Joachim Krause, leading Zurich’s Gemischter Chor (Seen and Heard’s own John Rhodes is in their ranks) and conducting the Tonhalle Orchestra, was smart to bring it to Switzerland; Dutron’s work is an intelligent effort and deserves to be played widely. Not because we need a new single authoritative version, but because this attempt, shoulder to shoulder with some others’, honours the gravity of the original well, and that means it should be listened to. Have a look at Dutron’s own description of his work, published in 2017 as an introduction to the score:

‘I set myself a rule of constant vigilance, testing each avenue I explored with meticulous research. Yet to take rigour as my sole guide would have led me to avoid taking risks and obliged me to be overcautious.

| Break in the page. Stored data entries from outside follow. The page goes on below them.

Lemma upow_root k : upow (root k) (2 ^ k) = u.
Proof.
  induction k.
  - simpl. apply U_neutral_l, u_I01.
  - rewrite Nat.pow_succ_r'. replace (2 * 2 ^ k)%nat with (2 ^ k + 2 ^ k)%nat by lia.
    rewrite <- upow_sq; auto using root_I01. rewrite root_sq. auto.
Qed.

(* [root k ^ (2 ^ k) = u], so this is the inverse of [root k]. *)
Definition root_inv (k : nat) : R := U (upow (root k) (2 ^ k - 1)) v.

Lemma root_inverse_pair k : inverse_pair (root k) (root_inv k).
Proof.
  split; [apply root_I01|split].
  - unfold root_inv. apply U_I01; auto using upow_I01, root_I01, v_I01.
  - unfold root_inv. rewrite U_assoc; auto using upow_I01, root_I01, v_I01.
    rewrite <- (upow_1 (root k)) at 1; auto using root_I01. rewrite upow_add; auto using root_I01.
    replace (1 + (2 ^ k - 1))%nat with (2 ^ k)%nat.
    + rewrite upow_root. destruct Huv as [_ [_ E]]. auto.
    + assert (0 < 2 ^ k)%nat by (apply Nat.neq_0_lt_0, Nat.pow_nonzero; lia). lia.
Qed.

Lemma mid_upow w n : mid w -> mid (upow w n).
Proof. intros Hw. induction n; simpl; auto using mid_e. apply mid_U; auto. Qed.

Lemma mid_root_inv k : mid (root_inv k).
Proof. unfold root_inv. apply mid_U; [apply mid_upow, mid_root|]. pose proof (mid_upow_v 1%nat) as H. simpl in H. rewrite U_neutral_l in H; auto using v_I01. Qed.

Lemma mid_zpow w w' m : mid w -> mid w' -> mid (zpow w w' m).
Proof. intros. unfold zpow. destruct Z_le_dec; apply mid_upow; auto. Qed.

(* [dpow m k] plays the role of [u ^ (m / 2 ^ k)]. *)
Definition dpow (m : Z) (k : nat) : R := zpow (root k) (root_inv k) m.

Lemma dpow_I01 m k : I01 (dpow m k). Proof. apply zpow_I01; apply mid_I01; auto using mid_root, mid_root_inv. Qed.
Lemma mid_dpow m k : mid (dpow m k). Proof. apply mid_zpow; auto using mid_root, mid_root_inv. Qed.

Lemma root_inv_sq k : U (root_inv (S k)) (root_inv (S k)) = root_inv k.
Proof.
  apply (inverse_unique (root k)); [|apply root_inverse_pair].
  rewrite <- root_sq. apply inverse_pair_mul; apply root_inverse_pair.
Qed.

Lemma dpow_double m k : dpow (2 * m) (S k) = dpow m k.
Proof.
  unfold dpow. rewrite <- zpow_sq. rewrite root_sq, root_inv_sq. auto.
  apply root_I01. apply mid_I01, mid_root_inv.
Qed.

Lemma dpow_refine m k j : dpow (m * 2 ^ Z.of_nat j) (k + j) = dpow m k.
Proof.
  induction j.
  - simpl. rewrite Z.mul_1_r, Nat.add_0_r. auto.
  - rewrite Nat.add_succ_r. rewrite Nat2Z.inj_succ, Z.pow_succ_r by lia.
    replace (m * (2 * 2 ^ Z.of_nat j))%Z with (2 * (m * 2 ^ Z.of_nat j))%Z by ring.
    rewrite dpow_double. auto.
Qed.

Lemma dpow_succ m k : dpow (m + 1) k = U (dpow m k) (root k).
Proof. unfold dpow. apply zpow_succ, root_inverse_pair. Qed.

Lemma dpow_lt_succ m k : dpow m k < dpow (m + 1) k.
Proof.
  rewrite dpow_succ. rewrite <- (U_neutral_l (dpow m k)) at 1; auto using dpow_I01.
  rewrite (U_comm (dpow m k)); auto using dpow_I01, root_I01.
  apply U_strict_mid; auto using mid_e, mid_root, mid_dpow. apply root_bounds.
Qed.

Lemma dpow_strict_mono m m' k : (m < m')%Z -> dpow m k < dpow m' k.
Proof.
  intros Lt. replace m' with (m + Z.of_nat (S (Z.to_nat (m' - m - 1))))%Z by lia.
  generalize (Z.to_nat (m' - m - 1)). intros t. induction t.
  - simpl. apply dpow_lt_succ.
  - eapply Rlt_trans; [exact IHt|].
    replace (m + Z.of_nat (S (S t)))%Z with (m + Z.of_nat (S t) + 1)%Z by lia. apply dpow_lt_succ.
Qed.

Lemma dpow_lt m k m' k' : dyadic m k < dyadic m' k' -> dpow m k < dpow m' k'.
Proof.
  intros H.
  rewrite <- (dyadic_refine m k k'), <- (dyadic_refine m' k' k), (Nat.add_comm k' k) in H.
  rewrite <- (dpow_refine m k k'), <- (dpow_refine m' k' k), (Nat.add_comm k' k).
  apply dpow_strict_mono, (dyadic_lt_num _ _ _ H).
Qed.

Lemma dpow_add m m' k : U (dpow m k) (dpow m' k) = dpow (m + m') k.
Proof. unfold dpow. rewrite zpow_add; auto. apply root_inverse_pair. Qed.

Lemma dpow_0 k : dpow 0 k = e.
Proof. reflexivity. Qed.
Lemma dpow_1 k : dpow 1 k = root k.
Proof. unfold dpow, zpow. simpl. apply U_neutral_l, root_I01. Qed.
Lemma dpow_m1 k : dpow (-1) k = root_inv k.
Proof. unfold dpow, zpow. simpl. apply U_neutral_l, mid_I01, mid_root_inv. Qed.
Lemma dpow_nat n : dpow (Z.of_nat n) 0 = upow u n.
Proof. unfold dpow, zpow. destruct Z_le_dec; [|lia]. rewrite Nat2Z.id. reflexivity. Qed.
Lemma root_inv_0 : root_inv 0 = v.
Proof. unfold root_inv. simpl. apply U_neutral_l, v_I01. Qed.
Lemma dpow_neg_nat n : dpow (- Z.of_nat n) 0 = upow v n.
Proof.
  unfold dpow, zpow. destruct Z_le_dec.
  - assert (n = O) by lia. subst. reflexivity.
  - rewrite Z.opp_involutive, Nat2Z.id, root_inv_0. reflexivity.
Qed.

(* The additive generator [gen x = sup {m / 2 ^ k | u ^ (m / 2 ^ k) <= x}], meaningful on [mid]. *)
Definition below_set (x : R) (q : R) : Prop := exists m k, q = dyadic m k /\ dpow m k <= x.
Definition gen (x : R) : R := epsilon (inhabits 0) (is_lub (below_set x)).

Lemma gen_lub x : mid x -> is_lub (below_set x) (gen x).
Proof.
  intros Hx. unfold gen. apply epsilon_spec.
  destruct (upow_u_above x) as [n Hn]; [apply Hx|]. destruct (upow_v_below x) as [n' Hn']; [apply Hx|].
  destruct (completeness (below_set x)) as [l Hl].
  - exists (dyadic (Z.of_nat n) 0). intros q [m [k [-> Hm]]].
    destruct (Rle_lt_dec (dyadic m k) (dyadic (Z.of_nat n) 0)) as [L|L]; auto.
    apply dpow_lt in L. rewrite dpow_nat in L. lra.
  - exists (dyadic (- Z.of_nat n') 0). exists (- Z.of_nat n')%Z, O. split; auto.
    rewrite dpow_neg_nat. lra.
  - exists l; auto.
Qed.

Lemma dyadic_le_gen x m k : mid x -> dpow m k <= x -> dyadic m k <= gen x.
Proof. intros Hx H. apply (gen_lub x Hx). exists m, k. auto. Qed.

Lemma gen_le_dyadic x m k : mid x -> x < dpow m k -> gen x <= dyadic m k.
Proof.
  intros Hx H. apply (gen_lub x Hx). intros q [m' [k' [-> Hm]]].
  destruct (Rle_lt_dec (dyadic m' k') (dyadic m k)) as [L|L]; auto.
  apply dpow_lt in L. lra.
Qed.

Lemma gen_dpow m k : gen (dpow m k) = dyadic m k.
Proof.
  apply Rle_antisym.
  - apply (gen_lub _ (mid_dpow m k)). intros q [m' [k' [-> Hm]]].
    destruct (Rle_lt_dec (dyadic m' k') (dyadic m k)) as [L|L]; auto.
    apply dpow_lt in L. lra.
  - apply dyadic_le_gen; auto using mid_dpow. lra.
Qed.

Lemma gen_mono x y : mid x -> mid y -> x <= y -> gen x <= gen y.
Proof.
  intros Hx Hy Le. apply (gen_lub x Hx). intros q [m [k [-> Hm]]].
  apply dyadic_le_gen; auto. lra.
Qed.

Lemma dpow_le_of_lt_gen x m k : mid x -> dyadic m k < gen x -> dpow m k <= x.
Proof.
  intros Hx H. destruct (Rle_lt_dec (dpow m k) x) as [L|L]; auto.
  apply gen_le_dyadic in L; auto. lra.
Qed.
Lemma lt_dpow_of_gen_lt x m k : mid x -> gen x < dyadic m k -> x < dpow m k.
Proof.
  intros Hx H. destruct (Rle_lt_dec (dpow m k) x) as [L|L]; auto.
  apply dyadic_le_gen in L; auto. lra.
Qed.

Lemma gen_e : gen e = 0.
Proof. rewrite <- (dpow_0 0), gen_dpow. apply dyadic_0. Qed.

I must therefore acknowledge that the work I have done contains an irreducible element of arbitrariness, the mark of my singularity, with the aim of offering listeners the impression of a finished whole, a complete work in the double context of a Requiem of the late eighteenth century and a creation of the early twenty-first.’

After a desultory start, the Gemischter Chor sang brilliantly. Lush woodwinds opened the revised ‘Introitus’, and how welcome was it to be greeted by Mozart’s strings of weightless anguish after listening to Beethoven’s putzing about in the Christus am Ölberge oratorio, which preceded the Requiem (more on that later). After some too swift tempi in the ‘Recordare’ that prevented sweetness, after a ‘Dies Irae’ that was racing but without menace, after some mezzo forte soprano passages that lacked body, the choir hit their stride. The ‘Voca me’ of the ‘Confutatis’ had all the gently ripe ache that it should. The glory of the ‘Sanctus’ was allowed to breathe without evident force.

Generally, Dutron’s compositional work sounded better when it referred backwards than forwards; little glimpses of Haydn were more sonorously welcome than anything that would twin Brucknerian bloat with Stamitz’ musical mechanics. By the point in the work in which the music was least directly completed by Mozart, namely the final third, both the balance and wholeness of sound lifted an emotional aura above the individual passages. Very affecting, this is an immense success for a new work sutured straight into the familiarly old.

The Tonhalle Orchestra hit its stride in the Requiem too, which is to say that during their pre-intermission performance of Beethoven’s sole oratorio, things were less than taut and often lacked an emotional thrust. Take the Seraph’s aria ‘Preist des Erlösers Güte’ – ‘praise the goodness of the redeemer’, sung by a light-voiced, lovingly expressive Amelia Scicolone, whose gradual reveal of her coloratura abilities kept impressing. When the text is in your native language and sung for an audience of fellow native speakers (unlike the abstracter Latin of the Requiem, which is still quite heart-rendering when read in translation), what excuse do you have as an orchestra not to swing into a fully gallant, sanguine sound?

As Jesus, tenor Emanuel Heitz had the advantage of a well-trained, smaller-scale voice that was at times capable of a sober tone, plaintive or placative. His smaller-scale expressivity was another matter, and his singing sank into extended blandness. This was a major shame, since Beethoven used this earlier work of his to compete on the home turf of Haydn and gave Jesus all the bravura arias in doing so. In the smaller role of Peter, bass José Coca Loza sang with great resonance and full embrace of textual pathos. The choir, too, was fulminant at the close, with a smoothly bombastic sound uniting orchestra and conductor around the closing chorus of angels.

If Beethoven later distanced himself from this work, it was likely due to his tremendous ambition for orchestral drama, which is already quite present in this piece. Not as pious or coherently narrated as Bach’s passions – the libretto is amateurish – it was still a pleasure to hear these grand songs of love and reconciliation in advance of Easter, and in advance of the exciting new rendering of Mozart’s Requiem by Dutron.